Правильно делаешь, рыбка Дори. Если сейчас хоть попытаешься оспорить, я просто тебя на месте прибью.
— Лилька! — рявкает Антонина Васильевна, бросаясь к внучке. — Ты что, совсем ополоумела?! А если бы Ибрагим с тем парнем, Мишей не успели?! Где твои мозги были,
Я молчу, стою в стороне и наблюдаю за тем, как бабушка Лили распекает ее. Магазинчикова кривится. Пытается оправдаться.
— Бабуль, я же не думала, что он через мост сиганет!
Не думала она.
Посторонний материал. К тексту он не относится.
Lemma derivable_triple_childless (Ax : indep n -> Prop) A u m :
  ancestral A -> u \in A -> m \in A -> u != m ->
  childless u A -> childless m A ->
  derivable Ax (olmp_triple A m) -> derivable Ax (olmp_triple (A :\ m) u) ->
  derivable Ax (olmp_triple A u).
Proof.
move=> ancA uA mA um cuA cmA; rewrite /olmp_triple.
set C := dispa A u; have sCA : C \subset A := dispa_subset A u.
have uC : u \in C := dispa_refl uA.
have uAm : u \in A :\ m by rewrite in_setD1 um.
have [mD|mD] := boolP (m \in dis A u); last first.
  have -> : dispa (A :\ m) u = C.
    have ancAm := ancestral_setD1 ancA cmA.
    exact: dispa_restrict ancAm (subsetDl _ _) uAm (dis_subset_setD1 mD).
  have mC : m \notin C := notin_dispa cmA mD.
  have uCm : u \notin dispa A m.
    by apply: notin_dispa cuA _; apply: contra mD => /dis_eq ->; apply: dis_refl.
  have sCmA := dispa_subset A m; have mCm := dispa_refl mA.
  move=> Pm Pu; have Pum : derivable Ax ([set m], [set u], A :\ u :\ m).
    by apply: derivable_wuS Pm _ _; setdec.
  by apply: derivable_conS Pu (der_sym Pum) _ _; setdec.
rewrite (dispa_eq mD) -/C; set C' := dispa (A :\ m) u => Pm Pu.
have sC'C : C' \subset C := dispa_mono u (subsetDl A [set m]).
have sC'A : C' \subset A :\ m := dispa_subset _ u.
have uC' : u \in C' := dispa_refl uAm.
have mC : m \in C by rewrite in_setU mD.
have PuR : derivable Ax ([set u], A :\: C, C :\ u :\ m).
  by apply: derivable_wuS Pu _ _; setdec.
have PRum : derivable Ax (A :\: C, [set u] :|: [set m], C :\ u :\ m).
  by apply: derivable_conS (der_sym PuR) (der_sym Pm) _ _; setdec.
by apply/der_sym/(derivable_wuS PRum); setdec.
Qed.

Local Notation L := (Lcoll dir bi).

Lemma Lcoll_dis_head B v w :
  ancestral B -> v \in B -> B \subset upto v -> w \in dis B v -> childless w B ->
  w != v ->
  L ([set v], dispa B v :\: (dispa (B :\ w) v :|: [set w]),
     dispa (B :\ w) v :\ v).
Proof.
move=> ancB vB sBv wD cwB wv; have cvB := childless_upto sBv.
set H := barren B (dis B v).
have headH : is_head H := head_barren_dis ancB vB cvB.
have wH : w \in H := childless_barren wD cwB.
set W := an H :\ w; set A := B :\ w.
have ancW : ancestral W :=
  ancestral_setD1 (ancestral_an H) (childless_head headH wH).
have sWA : W \subset A := setSD _ (an_barren_subset v ancB).
have vA : v \in A by rewrite in_setD1 eq_sym wv.
have sDW : dis A v \subset W.
  have sDA := dis_subset A v.
  have sDH := dis_subset_an_barren B v.
  have sDD := dis_mono v (subsetDl B [set w]).
  by setdec.
have vW : v \in W := subsetP sDW v (dis_refl vA).
have cvW : childless v W :=
  childless_subset cvB (subset_trans sWA (subsetDl _ _)).
exists v; right; exists H, w; rewrite /= (barren_dis_tail ancW vW cvW).
rewrite (dispa_restrict ancW sWA vW sDW) (barren_dis_tail ancB vB cvB).
split=> //.
- by apply: contraTneq wH => ->; rewrite in_set1.
- exact: mem_barren_dis.
- move=> h /(subsetP (barren_subset _ _))/(subsetP (dis_subset _ _)).
  by move/(subsetP sBv); rewrite inE.
Qed.

Lemma derivable_triple_setD1 B v w :
  ancestral B -> v \in B -> B \subset upto v -> w \in B -> childless w B ->
  w != v ->
  derivable L (olmp_triple B v) -> derivable L (olmp_triple (B :\ v) w) ->
  derivable L (olmp_triple (B :\ w) v).
Proof.
move=> ancB vB sBv wB cwB wv Pv Pw; rewrite /olmp_triple in Pv Pw *.
set A := B :\ w; have ancA : ancestral A := ancestral_setD1 ancB cwB.
have vA : v \in A by rewrite in_setD1 eq_sym wv.
set C := dispa A v; set C' := dispa B v.
have sCC' : C \subset C' := dispa_mono v (subsetDl B [set w]).
have [wD|wD] := boolP (w \in dis B v); last first.
  have -> : C = C'.
    exact: dispa_restrict ancA (subsetDl _ _) vA (dis_subset_setD1 wD).
  by apply: derivable_decS Pv _; setdec.
have PL := der_ax (Lcoll_dis_head ancB vB sBv wD cwB wv).
set Cw := dispa (B :\ v) w in Pw.
have sCwC' : Cw \subset C'.
  by rewrite /C' -(dispa_eq wD); apply: dispa_mono (subsetDl B [set v]).
have sCwB := dispa_subset (B :\ v) w; have sC'B := dispa_subset B v.
have sCA := dispa_subset A v.
have vC := dispa_refl vA; have vC' := dispa_refl vB.
have wCw : w \in Cw by apply: dispa_refl; rewrite in_setD1 wv.
have PwR : derivable L ([set w], B :\: C', C' :\ v :\ w).
  by apply: derivable_wuS Pw _ _; setdec.
have PRwv : derivable L (B :\: C', [set w] :|: [set v], C' :\ v :\ w).
  by apply: derivable_conS (der_sym PwR) (der_sym Pv) _ _; setdec.
have PvR : derivable L ([set v], B :\: C', C' :\ v :\ w).
  exact/der_sym/(derivable_decS PRwv (subsetUr _ _)).
have -> : A :\: C = (C' :\: (C :|: [set w])) :|: (B :\: C') by setdec.
by apply: derivable_conS PL PvR _ _; setdec.
Qed.
(* The identity  u g(rz) = -(z - z+)(z - z-) g(z) - v z + w  is proved
   coefficientwise.  Writing c_n for the coefficients of g and L = la + lb:

   - Summing the balance equations of levels <= n gives the cut equation
     L c_n = mua pi^a_{n+1} + mub pi^b_{n+1}; hence (mua - mub) pi^a_{n+1}
     is a combination of c_n and c_{n+1}.
   - Multiplying the balance equation of state (n+1,a) by (mua - mub) and
     eliminating pi^a through the cut equation turns it into a three-term
     recurrence for the c_n, which (by Vieta, z+ + z- = (mua+mub+L+gamma)/L and
     z+ z- = (L mub + mua mub + gamma mua)/L^2) says exactly that
     u r^n c_n is the n-th coefficient of -(z^2 - (z+ + z-) z + z+ z-) g(z) - v z + w.
   - On the series side, the coefficients of such a product are computed by
     shifting the series of g, and both series converge on the closed unit disc
     since c_n >= 0 and sum c_n = 1.  Uniqueness of limits concludes. *)

Lemma Rseries_eq a b l m : (forall n, a n = b n) -> l = m ->
  infinite_sum a l -> infinite_sum b m.
Proof.
  intros E <- H. apply is_series_Reals. apply is_series_Reals in H.
  exact (is_series_ext _ _ _ E H).
Qed.

Lemma Rseries_plus a b la lb : infinite_sum a la -> infinite_sum b lb ->
  infinite_sum (fun n => a n + b n) (la + lb).
Proof.
  intros Ha Hb. apply is_series_Reals. apply is_series_Reals in Ha, Hb.
  exact (is_series_plus _ _ _ _ Ha Hb).
Qed.
Lemma exp_logF_re_line_le y : 1 <= y ->
  exp (logF_re nu mu t (Cmod (c, y)) (atan (y / c))) <= line_bound / (y * y).
Proof.
  intros Hy. pose proof PI_RGT_0.
  set (r := Cmod (c, y)). set (ph := atan (y / c)).
  assert (Hyr : y <= r).
  { unfold r, Cmod. cbn [fst snd]. rewrite <- (sqrt_pow2 y) at 1 by lra.
    apply sqrt_le_1_alt. pose proof (pow2_ge_0 c). lra. }
  assert (Hph : 0 < ph < PI / 2).
  { unfold ph. pose proof (atan_bound (y / c)). split; [| lra].
    rewrite <- atan_0. apply atan_increasing, Rdiv_lt_0_compat; lra. }
  assert (Hk : 0 < cos (nu * (PI / 2))) by (apply cos_gt_0; nra).
  assert (Hcos : cos (nu * (PI / 2)) <= cos (nu * ph)) by (apply cos_decr_1; nra).
  assert (Hre : logF_re nu mu t r ph <= t * c + - (cos (nu * (PI / 2)) * Rpower r nu)).
  { unfold logF_re. replace (t * r * cos ph) with (t * (r * cos ph)) by ring.
    unfold r, ph. rewrite Cmod_line_cos by auto. fold r ph.
    assert (0 <= ln r) by (rewrite <- ln_1; apply ln_le; lra).
    assert (0 < Rpower r nu) by apply exp_pos. nra. }
  assert (Hdecay := Rpower_exp_decay_le nu 2 (cos (nu * (PI / 2))) r
                      ltac:(lra) ltac:(lra) Hk ltac:(lra)).
  rewrite Rpower_2 in Hdecay by lra.
  eapply Rle_trans; [apply exp_le_compat, Hre |]. rewrite exp_plus. unfold line_bound.
  set (D := decay_bound nu 2 (cos (nu * (PI / 2)))) in *.
  replace (exp (t * c) * D / (y * y)) with (exp (t * c) * (D / (y * y))) by (field; nra).
  apply Rmult_le_compat_l; [apply Rlt_le, exp_pos |].
  apply Rmult_le_reg_l with (y * y); [nra |].
  replace (y * y * (D / (y * y))) with D by (field; nra).
  eapply Rle_trans; [| exact Hdecay].
  apply Rmult_le_compat_r; [apply Rlt_le, exp_pos | nra].
Qed.

Lemma abs_line_re_le y : 1 <= y -> Rabs (line_re nu mu t c y) <= line_bound / (y * y).
Proof.
  intros Hy. unfold line_re. rewrite Rabs_mult, (Rabs_pos_eq (exp _)) by (apply Rlt_le, exp_pos).
  eapply Rle_trans; [| now apply exp_logF_re_line_le].
  rewrite <- Rmult_1_r. apply Rmult_le_compat_l; [apply Rlt_le, exp_pos | apply Rabs_cos_le_1].
Qed.

Lemma abs_line_im_le y : 1 <= y -> Rabs (line_im nu mu t c y) <= line_bound / (y * y).
Proof.
  intros Hy. unfold line_im. rewrite Rabs_mult, (Rabs_pos_eq (exp _)) by (apply Rlt_le, exp_pos).
  eapply Rle_trans; [| now apply exp_logF_re_line_le].
  rewrite <- Rmult_1_r. apply Rmult_le_compat_l; [apply Rlt_le, exp_pos | apply Rabs_sin_le_1].
Qed.

Lemma abs_form_th_small_le eps th : 0 < eps <= 1 ->
  Rabs (form_th nu mu t eps th) <= exp (t + 1) * Rpower eps (1 - mu).
Proof.
  intros Heps. unfold form_th.
  rewrite !Rabs_mult, (Rabs_pos_eq eps), (Rabs_pos_eq (exp _)) by (try apply Rlt_le, exp_pos; lra).
  assert (Hln : ln eps <= 0) by (rewrite <- ln_1; apply ln_le; lra).
  assert (Hre : logF_re nu mu t eps th <= (t + 1) + - mu * ln eps).
  { unfold logF_re. pose proof (COS_bound th). pose proof (COS_bound (nu * th)).
    assert (Rpower eps nu <= 1) by (rewrite <- exp_0; unfold Rpower; apply exp_le_compat; nra).
    assert (0 < Rpower eps nu) by apply exp_pos.
    assert (eps * cos th <= 1) by nra. assert (t * eps * cos th <= t) by nra.
    assert (- (Rpower eps nu * cos (nu * th)) <= 1) by nra.
    lra. }
  assert (Hpow : Rpower eps (1 - mu) = eps * exp (- mu * ln eps)).
  { unfold Rpower. replace ((1 - mu) * ln eps) with (ln eps + - mu * ln eps) by ring.
    rewrite exp_plus, exp_ln; lra. }
  rewrite Hpow.
  apply exp_le_compat in Hre. rewrite exp_plus in Hre.
  pose proof (exp_pos (logF_re nu mu t eps th)).
  apply Rle_trans with (eps * exp (logF_re nu mu t eps th)).
  - rewrite <- (Rmult_1_r (eps * exp _)) at 2.
    apply Rmult_le_compat_l; [apply Rmult_le_pos; lra | apply Rabs_cos_le_1].
  - replace (exp (t + 1) * (eps * exp (- mu * ln eps)))
      with (eps * (exp (t + 1) * exp (- mu * ln eps))) by ring.
    apply Rmult_le_compat_l; lra.
Qed.

Lemma filterlim_small_arc :
  filterlim (fun eps => RInt (form_th nu mu t eps) 0 PI) (at_right 0) (locally 0).
Proof.
  pose proof PI_RGT_0.
  apply (filterlim_abs_le_0 _ (fun eps => PI * (exp (t + 1) * Rpower eps (1 - mu)))).
  - exists (mkposreal 1 Rlt_0_1). intros eps Heps Hpos.
    change (Rabs (eps - 0) < 1) in Heps. rewrite Rminus_0_r, Rabs_pos_eq in Heps by lra.
    replace PI with (PI - 0) at 2 by ring.
    apply abs_RInt_le_const; [lra | |].
    + apply ex_RInt_continuous_R. intros. apply continuous_form_th. lra.
    + intros th _. apply abs_form_th_small_le. lra.
  - apply filterlim_mult_0, filterlim_mult_0, filterlim_Rpower_at_right_0. lra.
Qed.

(* The large arc is split at θ = π/(1+ν): before it cos(νθ) stays away from 0,
   after it cos θ does. *)
Definition arc_split : R := PI / (1 + nu).
Definition arc_kappa : R := cos (nu * arc_split).
Definition arc_delta : R := - cos arc_split.

Lemma arc_split_bounds : PI / 2 < arc_split < PI /\ 0 < nu * arc_split < PI / 2.
Proof.
  pose proof PI_RGT_0. unfold arc_split. split; split.
  - apply Rmult_lt_reg_r with (2 * (1 + nu)); [nra |]. field_simplify; nra.
  - apply Rmult_lt_reg_r with (1 + nu); [lra |]. field_simplify; nra.
  - apply Rmult_lt_0_compat; [lra | apply Rdiv_lt_0_compat; lra].
  - apply Rmult_lt_reg_r with (2 * (1 + nu)); [nra |]. field_simplify; nra.
Qed.

Lemma arc_kappa_pos : 0 < arc_kappa.
Proof. unfold arc_kappa. destruct arc_split_bounds. apply cos_gt_0; lra. Qed.

Lemma arc_delta_pos : 0 < arc_delta.
Proof.
  unfold arc_delta. destruct arc_split_bounds.
  assert (cos arc_split < 0) by (apply cos_lt_0; lra). lra.
Qed.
Ты вообще иногда думаешь?
Ощущаю, как завожусь вновь, поэтому придвигаюсь к окну и разглядываю парковку. Дворник вычищает выпавший недавно снег. Судя по клумбам вокруг, — она утопает в зелени и цветах летом. Наверное, красивое зрелище.
— Не думала она. Когда ты вообще думаешь? — ворчит Лилина бабушка, пододвигая к себе один из стульев для посетителей. Медсестра извиняется и выходит, предварительно посмотрев капельницу, стоящую у кровати Лили.
— Бабушка, это было важно! — настаивает Лиля, отчаянно размахивая руками. — Это ведь не просто совпадение. Этот парень, Максуд, он был среди людей «Зооспас». Прикидывался хорошим и вербовал людей через интернет, хотя я все еще не поняла, зачем им Влад, если он был и так с ними…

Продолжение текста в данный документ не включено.